Confiné à Los Angeles où il peaufinait son nouvel album à paraître cette année, Yungblud fait partie de ces artistes ayant contourné les restrictions en chantant sur Internet pour divertir son public. A l'occasion de la sortie de son nouveau single Weird, et par écran interposé, Dominic Richard Harrison est revenu sur ses différentes initiatives, l'évolution de sa musique, ainsi que sur son rapport à la France. Entretien.
Salut Dominic, comment vas-tu ? Je crois que tu vis habituellement en Angleterre mais tu es actuellement à Los Angeles où tu peaufines ton nouvel album. Comment se passe ton confinement ?
C'est très étrange comme période pas vrai ? Je vais très bien merci, en fait je n'ai jamais été aussi occupé ! Je pensais que j'allais me tourner les pouces, écouter de la musique, me poser, etc... mais finalement avec le Yungblud Show, la finalisation de l'album, je suis débordé mais dans le bon sens du terme ! Et surtout, je me sens plus proche que jamais de mes fans, ce qui est assez incroyable. Même si je ne peux pas les voir physiquement ou les toucher, ça ne veut pas dire que je ne me sens pas proche d'eux.
En effet, tu as fait beaucoup de choses pendant ce confinement : tu prépares ton prochain album, tu as sorti ton single Weird, tu as fait des émissions sur Youtube... J'ai l'impression qu'au delà des sketchs et de l'humour de ces émissions, tu as surtout fait cela pour divertir ton public et le faire penser à autre chose. Est-ce que c'était ton but ?
Exactement. Yungblud s'est construit sur le principe même de ne jamais se sentir seul. C'est pour cette raison que je me suis lancé au départ : plus jeune, je me suis senti tellement seul et isolé dans ce que je ressentais et la façon dont les gens me traitaient... Nous devions cette année faire une tournée mondiale à la sortie de l'album, mais cela a été annulé au vu de la situation sanitaire. Et je me suis dit qu'il était hors de question que le lien très fort que j'ai avec mes fans soit compromis par quoi que ce soit, même si c'est une pandémie mondiale ! (Rires) Je voulais trouver un moyen de rester en contact avec eux, parce que Yungblud ce n'est pas que de la musique. Moi, Dominic, suis connecté à Yungblud au même titre que peut l'être un Freddy en Belgique, qu'une Claire à Paris, ou qu'un Joey à Boston ! C'est un vrai lien qui nous unit, dans notre quotidien. Je ne voulais pas juste leur dire : « OK ma tournée est reportée de six mois ou d'un an, désolé et à bientôt ! ».
Tu as sorti ton single Weird récemment, lequel fera partie de ton prochain album.

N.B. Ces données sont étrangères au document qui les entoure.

(* Let $\mathrm{Aut}(K_{C^3(m)^*})$ be the group of permutations of $\{1,\ldots,m\}$ preserving the simplicial complex $K_{C^3(m)^*}$. If $m>5$, this group is generated by $\sigma\colon i\mapsto m+1-i$ and the transposition $\tau=(1\ m)$. If $m=5$, it is generated by the permutation $1\mapsto3,\,2\mapsto4,\,3\mapsto5,\,4\mapsto2,\,5\mapsto1$ and the transposition $(1\ 5)$.
   Context: For a simple polytope $P$ with facets $F_1,\ldots,F_m$, $K_P$ is the simplicial complex on $\{1,\ldots,m\}$ with $\{i_1,\ldots,i_k\}\in K_P$ iff $F_{i_1}\cap\cdots\cap F_{i_k}\neq\emptyset$. $C^3(m)^*$ is the dual of the cyclic $3$-polytope with $m$ vertices, with facets labeled so that the maximal faces of $K_{C^3(m)^*}$ are exactly $\{1,i,i+1\}$ for $i=2,\ldots,m-1$ and $\{i,i+1,m\}$ for $i=1,\ldots,m-2$. *)

From mathcomp Require Import all_boot all_fingroup.


(* Vertices/facets {1,...,m} are represented by 'I_m: the element x : 'I_m
   stands for the label x.+1 (so labels run over 1..m). *)

Definition maxfaces (m : nat) : seq (seq nat) :=
  [seq [:: 1; i; i.+1] | i <- iota 2 (m - 2)] ++
  [seq [:: i; i.+1; m] | i <- iota 1 (m - 2)].

Definition inK (m : nat) (A : {set 'I_m}) : bool :=
  has (fun F => [forall x in A, (val x).+1 \in F]) (maxfaces m).

Definition AutK (m : nat) : {set {perm 'I_m}} :=
  [set s : {perm 'I_m} | [forall A : {set 'I_m}, inK m (s @: A) == inK m A]].

Definition perm_of_lab (m : nat) (f : nat -> nat) : {set {perm 'I_m}} :=
  [set s : {perm 'I_m} | [forall x : 'I_m, (s x).+1 == f x.+1]].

Quand on écoute les paroles, on réalise que cela fait finalement beaucoup écho à la période qu'on vit actuellement. Est-ce un hasard que le single sorte maintenant ou as-tu au contraire tiré parti de cette situation pour le sortir ?
Ce n'est pas un hasard. J'ai écrit cette chanson durant ce que je pensais être la période la plus étrange de ma vie, en tout cas jusqu'à la pandémie. Pour te donner une image, j'avais la sensation d'essayer d'attraper de la fumée, mais sans jamais pouvoir la saisir. Comme un sentiment familier mais qui nous échappe. C'était une période très bizarre, rien n'avait de sens, mais cela m'a permis de mieux comprendre qui j'étais et qui je suis. J'ai grandi de cinq ans en dix secondes ! Il y a des moments comme ça dans la vie où tu mûris très vite en très peu de temps ! Weird devait normalement sortir plus tard, mais je me suis dit que les paroles représentaient bien ce que beaucoup de gens devaient ressentir en ce moment : cette désorientation, cette perte de repères. Cette chanson est sortie pour dire: « Hé, je ressens la même chose que vous, on est tous dans le même bateau et ce n'est pas parce qu'on ne peut pas se toucher qu'on n'est pas là les uns pour les autres ».
Dans ton premier album, on sentait beaucoup de colère. Mais comme tu viens de l'expliquer, tu as grandi, mûri, et on te sent plus optimiste. Est-ce que c'est le maître mot de ton nouvel album, et est-ce que c'est désormais ton état d'esprit aujourd'hui ?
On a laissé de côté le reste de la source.